I look at the Indian picture overall and it is so great right now. You look at manufacturing and say that really hasn’t reached its potential at all. It can be another engine of growth for India over the next couple of decades.
I believe you are undergoing a fair bit of transformation in India. What is the transformation all about?
It’s really simple. Basically what we are doing is changing the reporting structure that we traditionally used in the company. So, all around the world businesses have reported to their global product lines. Healthcare, energy have reported not to the country they are in, but to the global business they are in.
At the beginning of this year, we changed that for India only. Now all of the businesses report directly in to the India business. That’s when I came into the role. That’s the change in the basic organization architecture, if you will.
It is referred to as an experiment. Our CEO (Jeff Immelt) calls it… Let’s see how it works in India. He’s quite happy with how it’s going so far. I am as well, but his opinion matters more than mine.
India, prior to this, is probably plus or minus 5% of anybody’s global business. Its 110% of my business. You just get a focus level. On customer focus, when you live here, you see these guys every week, when you make a customer really happy, when you make a customer really frustrated, you internalize in a way that is different from when you see the customer once a year. My level of understanding customer need is much higher I think, my level of anxiety that they get what they need is much higher.
We have delegated a lot of decision-making authority. We are making a lot of day-to-day decisions here. I think any time you increase focus, increase speed, all those are going to help any business. It’s helped ours a lot here.
I keep preaching inside our team and also back in the US, it’s not a zero-sum game, it’s not about transferring control to India. It really is about making the customer happy.
That was a bit of a rock-the-boat move on day 1. In practice, it hasn’t turned out to be that traumatic. For us, in India, it’s been a better way to do things.
This new structure fits in well with your intent of increasing localization.
Absolutely. First and foremost, localization is a customer strategy, it’s not a cost arbitrage or whatever. What does the customer want, not have, and you just cannot get that sitting 8,000 miles away. I think you will see more and more this type of structure because if you are out of touch with the customer, you are dead.
In this structure, when it comes to capital investment, what do you do?
We go through a process. Most companies would call it a three-year, market-based strategic plan. It’s really an outward-in process, and from there, we develop, hey, here’s where we need to go. We did that this year, including what investments we need. We took about $80-100 million of investment. We got that approved in a sort of macro framework. On a day-to-day basis, we invest the money here purely on a day-to-day basis. We don’t go back to the US for every $5 million. We do all that here. Speed’s critical, but it is context. When you have lived here, you get a better sense for the need for solutions. When a customer is really not happy, it’s a very unpleasant experience.
I am not saying it is a cure-all for everything, but I am saying it was a good, maybe jolt, out of the world we were in before.
Why did GE pick India for this kind of experiment?
I wasn’t part of the deliberation process, but it’s an incredibly important market.
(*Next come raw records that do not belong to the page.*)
(* Let $V_0$ be a nonlocal vertex algebra such that every $V_0$-module is completely reducible. Regard $V=V_0[[\hbar]]$ as an $\hbar$-adic nonlocal vertex algebra. Then every $V$-module is completely reducible, i.e. for every $V$-module $W$ and every submodule $W'\subseteq W$ there is a submodule $W''\subseteq W$ with $W=W'\oplus W''$.
   Context: Let $\hbar$ be a formal variable. A $\mathbb{C}[[\hbar]]$-module is topologically free if it is of the form $W_0[[\hbar]]$ for a complex vector space $W_0$. An ordinary nonlocal vertex algebra $V_0$ makes $V_0[[\hbar]]$ an $\hbar$-adic nonlocal vertex algebra by $\mathbb{C}[[\hbar]]$-linear extension. A module over an $\hbar$-adic nonlocal vertex algebra is by definition topologically free. For a $\mathbb{C}[[\hbar]]$-submodule $U$ of a topologically free module $W$, set $[U]=\{w\in W:\hbar^n w\in U\text{ for some }n\ge 1\}$ and let $\overline{U}$ be its $\hbar$-adic closure. Convention: a submodule of a module $W$ over an $\hbar$-adic nonlocal vertex algebra $V$ is a $\mathbb{C}[[\hbar]]$-submodule $W_1$ stable under all operators $u_n$ ($u\in V$) such that $\overline{W_1}=W_1$ and $[W_1]=W_1$. A $V_0$-module is completely reducible if every submodule has a complementary submodule. *)

From HB Require Import structures.
From mathcomp Require Import all_boot all_order all_algebra.
From mathcomp Require Import all_classical reals.
From mathcomp Require Import complex.

Set Implicit Arguments.
Unset Strict Implicit.
Unset Printing Implicit Defensive.

Import Order.TTheory GRing.Theory Num.Theory.
Local Open Scope ring_scope.
Local Open Scope classical_set_scope.

(* Conventions: a vertex operator Y(u,x) = \sum_{n in Z} u_n x^{-n-1} is encoded
   by its modes  Y u n = u_n.  All formal-series identities are written out
   coefficientwise. *)

Section Defs.
Variable K : fieldType.

Definition binz (z : int) (i : nat) : int :=
  match z with
  | Posz n => ('C(n, i))%:Z
  | Negz n => (-1) ^+ i * ('C(n + i, i))%:Z
  end.

(* finitely supported sum over nat (the terms will always be finitely supported) *)
Definition fsum (M : zmodType) (f : nat -> M) : M := \sum_(i \in [set: nat]) f i.

Definition bilinear_modes (V W : lmodType K) (Y : V -> int -> W -> W) : Prop :=
  (forall (a : K) u u' n w, Y (a *: u + u') n w = a *: Y u n w + Y u' n w) /\
  (forall (a : K) u n w w', Y u n (a *: w + w') = a *: Y u n w + Y u n w').

(* Y(u,x)w in W((x)) *)
Definition truncated (V W : lmodType K) (Y : V -> int -> W -> W) : Prop :=
  forall u w, exists N : int, forall n : int, N <= n -> Y u n w = 0.

(* coefficient of x0^a x2^b in (x0+x2)^l Y_W(u,x0+x2) Y_W(v,x2) w *)
Definition wa_lhs (V W : lmodType K) (YW : V -> int -> W -> W)
  (l : nat) (u v : V) (w : W) (a b : int) : W :=
  fsum (fun i : nat => YW u (Posz l - 1 - a - Posz i) (YW v (Posz i - b - 1) w)
                         *~ binz (a + Posz i) i).

(* coefficient of x0^a x2^b in (x0+x2)^l Y_W(Y(u,x0)v,x2) w *)
Definition wa_rhs (V W : lmodType K) (YV : V -> int -> V -> V)
  (YW : V -> int -> W -> W) (l : nat) (u v : V) (w : W) (a b : int) : W :=
  \sum_(j < l.+1) YW (YV u (Posz l - Posz j - a - 1) v) (Posz j - b - 1) w *+ 'C(l, j).

Definition weak_assoc (V W : lmodType K) (YV : V -> int -> V -> V)
  (YW : V -> int -> W -> W) : Prop :=
  forall u v w, exists l : nat, forall a b : int,
    wa_lhs YW l u v w a b = wa_rhs YV YW l u v w a b.

Definition is_nlva (V : lmodType K) (vac : V) (Y : V -> int -> V -> V) : Prop :=
  [/\ bilinear_modes Y, truncated Y,
      (forall n v, Y vac n v = if n == -1 then v else 0),
      ((forall v (n : int), 0 <= n -> Y v n vac = 0) /\
       (forall v, Y v (-1) vac = v)) & weak_assoc Y Y].

Definition is_module (V : lmodType K) (vac : V) (YV : V -> int -> V -> V)
  (W : lmodType K) (YW : V -> int -> W -> W) : Prop :=
  [/\ bilinear_modes YW, truncated YW,
      (forall n w, YW vac n w = if n == -1 then w else 0) & weak_assoc YV YW].

Definition submodule (V W : lmodType K) (YW : V -> int -> W -> W) (W1 : W -> Prop) : Prop :=
  [/\ W1 0, (forall w w', W1 w -> W1 w' -> W1 (w + w')),
      (forall (a : K) w, W1 w -> W1 (a *: w)) &
      (forall u n w, W1 w -> W1 (YW u n w))].

Definition direct_sum_decomp (W : zmodType) (W1 W2 : W -> Prop) : Prop :=
  (forall w, exists w1 w2, [/\ W1 w1, W2 w2 & w = w1 + w2]) /\
  (forall w, W1 w -> W2 w -> w = 0).

Definition completely_reducible (V W : lmodType K) (YW : V -> int -> W -> W) : Prop :=
  forall W1 : W -> Prop, submodule YW W1 ->
    exists W2 : W -> Prop, submodule YW W2 /\ direct_sum_decomp W1 W2.

(* A topologically free C[[h]]-module W0[[h]] is modelled by coefficient
   sequences  nat -> W0  (w = \sum_k w k h^k); C[[h]] is  nat -> K. *)

Definition szero (M : zmodType) : nat -> M := fun _ => 0.
Definition sadd (M : zmodType) (f g : nat -> M) : nat -> M := fun k => f k + g k.
Definition hmul (M : lmodType K) (c : nat -> K) (w : nat -> M) : nat -> M :=
  fun k => \sum_(i < k.+1) c i *: w (k - i)%N.
Definition hpow (M : zmodType) (n : nat) (w : nat -> M) : nat -> M :=
  fun k => if (n <= k)%N then w (k - n)%N else 0.
Definition cong_mod (M : zmodType) (n : nat) (w w' : nat -> M) : Prop :=
  forall k, (k < n)%N -> w k = w' k.
(* hbar-adically convergent sum of a family, computed coefficientwise *)
Definition ssum (M : zmodType) (f : nat -> nat -> M) : nat -> M :=
  fun k => fsum (fun i => f i k).

(* V = V0[[h]] with the C[[h]]-bilinear extension of Y and vacuum 1 *)
Definition Yext (V0 : lmodType K) (Y : V0 -> int -> V0 -> V0)
  (u : nat -> V0) (n : int) (v : nat -> V0) : nat -> V0 :=
  fun k => \sum_(i < k.+1) Y (u i) n (v (k - i)%N).
Definition vacext (V0 : zmodType) (vac : V0) : nat -> V0 :=
  fun k => if k == 0%N then vac else 0.

Definition hlinear_modes (V0 W0 : lmodType K)
  (YW : (nat -> V0) -> int -> (nat -> W0) -> (nat -> W0)) : Prop :=
  (forall c u u' n w, YW (sadd (hmul c u) u') n w = sadd (hmul c (YW u n w)) (YW u' n w)) /\
  (forall c u n w w', YW u n (sadd (hmul c w) w') = sadd (hmul c (YW u n w)) (YW u n w')).

(* Y_W(u,x)w in W_h((x)) : modes tend to 0 hbar-adically *)
Definition htruncated (V0 W0 : lmodType K)
  (YW : (nat -> V0) -> int -> (nat -> W0) -> (nat -> W0)) : Prop :=
  forall u w (m : nat), exists N : int, forall n : int, N <= n ->
    cong_mod m (YW u n w) (@szero W0).

Definition hwa_lhs (V0 W0 : lmodType K)
  (YW : (nat -> V0) -> int -> (nat -> W0) -> (nat -> W0))
  (l : nat) u v w (a b : int) : nat -> W0 :=
  ssum (fun (i : nat) k =>
          (YW u (Posz l - 1 - a - Posz i) (YW v (Posz i - b - 1) w) k) *~ binz (a + Posz i) i).

Definition hwa_rhs (V0 W0 : lmodType K) (Y : V0 -> int -> V0 -> V0)
  (YW : (nat -> V0) -> int -> (nat -> W0) -> (nat -> W0))
  (l : nat) u v w (a b : int) : nat -> W0 :=
  fun k => \sum_(j < l.+1)
     (YW (Yext Y u (Posz l - Posz j - a - 1) v) (Posz j - b - 1) w k) *+ 'C(l, j).

Definition is_hmodule (V0 : lmodType K) (vac : V0) (Y : V0 -> int -> V0 -> V0)
  (W0 : lmodType K) (YW : (nat -> V0) -> int -> (nat -> W0) -> (nat -> W0)) : Prop :=
  [/\ hlinear_modes YW, htruncated YW,
      (forall n w, YW (vacext vac) n w = if n == -1 then w else @szero W0) &
      (forall u v w (m : nat), exists l : nat, forall a b : int,
          cong_mod m (hwa_lhs YW l u v w a b) (hwa_rhs Y YW l u v w a b))].

Definition hsat (M : zmodType) (U : (nat -> M) -> Prop) (w : nat -> M) : Prop :=
  exists n : nat, (1 <= n)%N /\ U (hpow n w).
Definition hclosure (M : zmodType) (U : (nat -> M) -> Prop) (w : nat -> M) : Prop :=
  forall m : nat, exists w', U w' /\ cong_mod m w w'.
Our focus on emerging markets is acute. More than 60% of the business is outside the US. We have really staked our future on globalization. India is really a dominant force today with more to come. In the grand scheme of things, it is important we succeed here.
The other thing coming out was how good the private Indian companies are—how fast they have grown, how much they have started to expand their business models outside India into Europe and US.
I want to learn and replicate that before someone does that to me in the developed markets. We have had a lot of learnings. We have been feeding a steady stream of information bytes back to the US. Jeff Immelt…he has a mindset of whatever works. Something works, I am counting on the local teams to bring that forward and make a case for that.
I wasn’t party to the decision, I just got a phone call to go India (smiles).
I want your personal view on this. You have had a chance to study Indian companies. If you were to pick one management approach that’s impressed you, what would it be?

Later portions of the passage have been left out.